Background
CD24 (also called Heat Stable Antigen or nectadrin) is expressed on many cell types (Fang et al., 2010), and its expression is dynamically regulated during cellular differentiation (Ayre et al., 2016). CD24 was first described for its role in blocking B lymphocyte (B cell) development. Transgenic mice overexpressing CD24 and CD24 knockout mice exhibit a loss of immature B cells via their increased apoptosis (Hough et al., 1996; Nielsen et al., 1997) demonstrating that altering CD24 expression has serious repercussions in these cells. Additionally, antibody (Ab)-mediated engagement of CD24 induces apoptosis or suppresses proliferation of B cells, depending on their developmental stage (Chappel et al., 1996). CD24 also mediates homeostatic proliferation in T cells (Li et al., 2004), and can negatively regulate inflammation by inhibiting dendritic cell (DC) activation (Chen et al., 2009).
CD24 also acts outside the immune system. It supports the differentiation of immature pre-adipocytes into adipocytes (Rodeheffer et al., 2008; Fairbridge et al., 2015; Smith et al., 2015) and is a positive regulator of cerebellar neurite outgrowth, but a negative regulator for dorsal root ganglion neurogenesis (Kleene et al., 2001). In contrast, CD24 negatively regulates corneal growth to inhibit the development of pterygium (Riau et al., 2011). CD24 can regulate both pro- and anti-proliferative effects in cancer cells, and both increase or reduce metastasis, depending on the cancer type (Kristiansen et al., 2004; Ju et al., 2011). Finally, we and others have identified CD24 as being carried on exosomes and microvesicles (Keller et al., 2007; Ayre et al., 2015; Grigor'eva et al., 2016), where its ultimate function is unknown.

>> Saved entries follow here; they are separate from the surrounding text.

Lemma outs_rev_col z d : outs rev_col z d =
  if (d == c) && (z \in src_path) then ins col z c else outs col z d.
Proof.
have Hanti := dicol_asym Hc; apply/setP => y.
case: (boolP ((d == c) && (z \in src_path))) => [/andP[/eqP-> zP]|C];
  rewrite !inE /rev_col.
  case: ifP => [/andP[yP /eqP e]|A]; first by rewrite e eqxx.
  case: ifP => [/andP[_ /eqP e]|B]; first by rewrite Hanti ?e.
  rewrite zP /= in B; rewrite B; apply/esym/eqP => e.
  by move: A; rewrite (src_path_arc e) zP e eqxx.
case: ifP => [/andP[yP /eqP e]|A].
  have zP : z \in src_path by rewrite -(src_path_arc e).
  by rewrite Hanti ?e //; apply/eqP => -[dc]; rewrite dc eqxx zP in C.
case: ifP => [/andP[zP /eqP e]|B] //.
by rewrite e; apply/esym/eqP => -[dc]; rewrite dc eqxx zP in C.
Qed.

Lemma ins_rev_col z d : ins rev_col z d =
  if (d == c) && (z \in src_path) then outs col z c else ins col z d.
Proof.
have Hanti := dicol_asym Hc; apply/setP => y.
case: (boolP ((d == c) && (z \in src_path))) => [/andP[/eqP-> zP]|C];
  rewrite !inE /rev_col.
  case: ifP => [/andP[_ /eqP e]|A]; first by rewrite e eqxx.
  case: ifP => [/andP[yP /eqP e]|B]; first by rewrite Hanti ?e.
  rewrite zP /= in A; rewrite A; apply/eqP => e.
  by move: B; rewrite (src_path_arc e) zP e eqxx.
case: ifP => [/andP[zP /eqP e]|A].
  by rewrite Hanti ?e //; apply/eqP => -[dc]; rewrite dc eqxx zP in C.
case: ifP => [/andP[yP /eqP e]|B] //.
have zP : z \in src_path by rewrite -(src_path_arc e).
by rewrite e; apply/esym/eqP => -[dc]; rewrite dc eqxx zP in C.
Qed.

Lemma rev_col_dicol : dicolouring h rev_col.
Proof.
have [Hedge Hasym Hcover Houts Hins] := Hc; split.
- move=> x y; rewrite /rev_col; case: ifP => [/andP[_ /eqP e] _|_].
    by rewrite hsym; apply: Hedge; rewrite e.
  by case: ifP => // _ /Hedge.
- move=> x y; rewrite {1}/rev_col; case: ifP => [/andP[yP /eqP e] _|A].
    by rewrite /rev_col (Hasym y x) ?e //= andbF yP eqxx.
  by case: ifP => // B /Hasym nn; rewrite /rev_col B A.
- have cover x y : col x y != None -> (rev_col x y != None) || (rev_col y x != None).
    move=> nn; rewrite {1}/rev_col; case: ifP => // _.
    case: ifP => [/andP[xP /eqP e]|_]; last by rewrite nn.
    by rewrite /= /rev_col xP e eqxx.
  by move=> x y /Hcover /orP[/cover //|/cover]; rewrite orbC.
- by move=> x d; rewrite outs_rev_col; case: ifP.
- by move=> x d; rewrite ins_rev_col; case: ifP.
Qed.

Lemma outs_rev_col_u : outs rev_col u c = set0.
Proof. by rewrite outs_rev_col eqxx inE connect0. Qed.

Lemma ins_rev_col_free w d : w != u -> ins col w d = set0 -> ins rev_col w d = set0.
Proof.
move=> wu w_free; rewrite ins_rev_col; case: ifP => // /andP[/eqP dc].
have w_sink y : ~~ back_arc w y.
  apply/negP => e; have : y \in ins col w d by rewrite inE dc.
  by rewrite w_free inE.
by rewrite inE => /(reach_sink w_sink) wu'; rewrite wu' eqxx in wu.
Qed.

End Reversal.

Section KempeSwap.
Variables (h : rel T) (col : T -> T -> option 'I_k) (u v : T) (a b : 'I_k).
Hypotheses (Hc : dicolouring h col) (u_free : outs col u a = set0)
  (v_free : ins col v b = set0).

(* [(x, true)] and [(x, false)] are the out- and in-side of x: a-arcs lead
   from out-sides to in-sides, b-arcs back. *)
Definition kempe_arc (p q : T * bool) :=
  match p, q with
  | (x, true), (y, false) => col x y == Some a
  | (y, false), (x, true) => col x y == Some b
  | _, _ => false
  end.

Lemma kempe_arc_fun p q r : kempe_arc p q -> kempe_arc p r -> q = r.
Proof.
case: p q r => x [] [y []] [z []] //= /eqP e1 /eqP e2.
  by rewrite (dicol_out_uniq Hc e1 e2).
by rewrite (dicol_in_uniq Hc e1 e2).
Qed.

(* The in-side of v is a dead end (v_free), so the nodes whose walk ends there
   form the a/b-alternating trail ending at v; the out-side of u, another dead
   end (u_free), is not on it. *)
Definition kempe_chain := [set p | fconnect (psucc kempe_arc) p (v, false)].

Lemma kempe_chain_arc x y : (col x y == Some a) || (col x y == Some b) ->
  ((x, true) \in kempe_chain) = ((y, false) \in kempe_chain).
Proof.
rewrite !inE => /orP[exy|exy].
  by apply: (reach_arc kempe_arc_fun); rewrite /= ?exy ?xpair_eqE ?andbF.
symmetry; apply: (reach_arc kempe_arc_fun) => //.
apply/eqP => -[yv]; have : x \in ins col v b by rewrite inE -yv.
by rewrite v_free inE.
Qed.

Definition kempe_col x y :=
  if (x, true) \in kempe_chain then omap (tperm a b) (col x y) else col x y.

Lemma omap_tperm (o : option 'I_k) d :
  (omap (tperm a b) o == Some d) = (o == Some (tperm a b d)).
Proof. by case: o => [e|] //=; rewrite !(inj_eq Some_inj) (canF_eq (tpermK a b)). Qed.

Lemma tperm_off (o : option 'I_k) d : ~~ ((o == Some a) || (o == Some b)) ->
  (o == Some (tperm a b d)) = (o == Some d).
Proof.
case: o => [e|] //=; rewrite !(inj_eq Some_inj) negb_or => /andP[ea eb].
by rewrite eq_sym (canF_eq (tpermK a b)) tpermD 1?eq_sym.
Qed.

Lemma outs_kempe_col z d : outs kempe_col z d =
  if (z, true) \in kempe_chain then outs col z (tperm a b d) else outs col z d.
Proof.
apply/setP => y; rewrite [in LHS]inE /kempe_col.
by case: ((z, true) \in kempe_chain); rewrite inE ?omap_tperm.
Qed.

Lemma ins_kempe_col z d : ins kempe_col z d =
  if (z, false) \in kempe_chain then ins col z (tperm a b d) else ins col z d.
Proof.
apply/setP => y; rewrite [in LHS]inE /kempe_col.
case: (boolP ((col y z == Some a) || (col y z == Some b))) => [ab|not_ab].
  by rewrite (kempe_chain_arc ab); case: ((z, false) \in kempe_chain);
    rewrite !inE ?omap_tperm.
by case: ((y, true) \in kempe_chain); case: ((z, false) \in kempe_chain);
  rewrite !inE ?omap_tperm ?tperm_off.
Qed.

Lemma kempe_col_none x y : (kempe_col x y != None) = (col x y != None).
Proof. by rewrite /kempe_col; case: ifP => //; case: (col x y). Qed.

Lemma kempe_col_dicol : dicolouring h kempe_col.
Proof.
have [Hedge Hasym Hcover Houts Hins] := Hc; split.
- by move=> x y; rewrite kempe_col_none => /Hedge.
- by move=> x y; rewrite kempe_col_none => /Hasym e; rewrite /kempe_col e; case: ifP.
- by move=> x y /Hcover; rewrite !kempe_col_none.
- by move=> x d; rewrite outs_kempe_col; case: ifP.
- by move=> x d; rewrite ins_kempe_col; case: ifP.
Qed.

CD24 has also been implicated in regulating cell stress. In a model of acetaminophen-induced liver damage, wild type mice regulated liver inflammation via CD24 and Siglec-G on DCs, whereas in CD24 knockout mice, the same challenge proved fatal (Chen et al., 2009). In addition, hypoxia in solid tumors induced CD24 expression via Hypoxia Inducible Factor-1 leading to increased tumor cell survival (Thomas et al., 2012). Finally, CD24 has been shown to regulate angiogenesis through Heat Shock Protein 90 and modulation of the STAT3/VEGF pathway (Wang et al., 2016). Therefore, CD24 is also important for modulating the sensitivity or cellular response to extracellular stresses.
CD24 is a glycophosphatidylinositol (GPI)-anchored protein, possessing no intracellular signaling domains (Kay et al., 1991). However, several signal transduction proteins are associated with CD24 activity. The best-described are the Src-family protein tyrosine kinases Lyn, Fyn, Fgr, Lck and Hck but how these are activated is unknown (Sammar et al., 1997; Suzuki et al., 2001; Fang et al., 2010; Su et al., 2012). Many ligands have been identified for CD24 including P-, L-, and E- Selectin, High Mobility Group Box 1 (HMGB1), L1 cell adhesion molecule (L1CAM), Neural cell adhesion molecule (NCAM1) and Siglec-G (Aigner et al., 1995; Myung et al., 2011; Tan et al., 2016). To date, no mechanism has been proposed that explains the contradictory nature of the processes regulated by CD24, its apparent lack of intrinsic signaling capability, or its diverse collection of reported ligands.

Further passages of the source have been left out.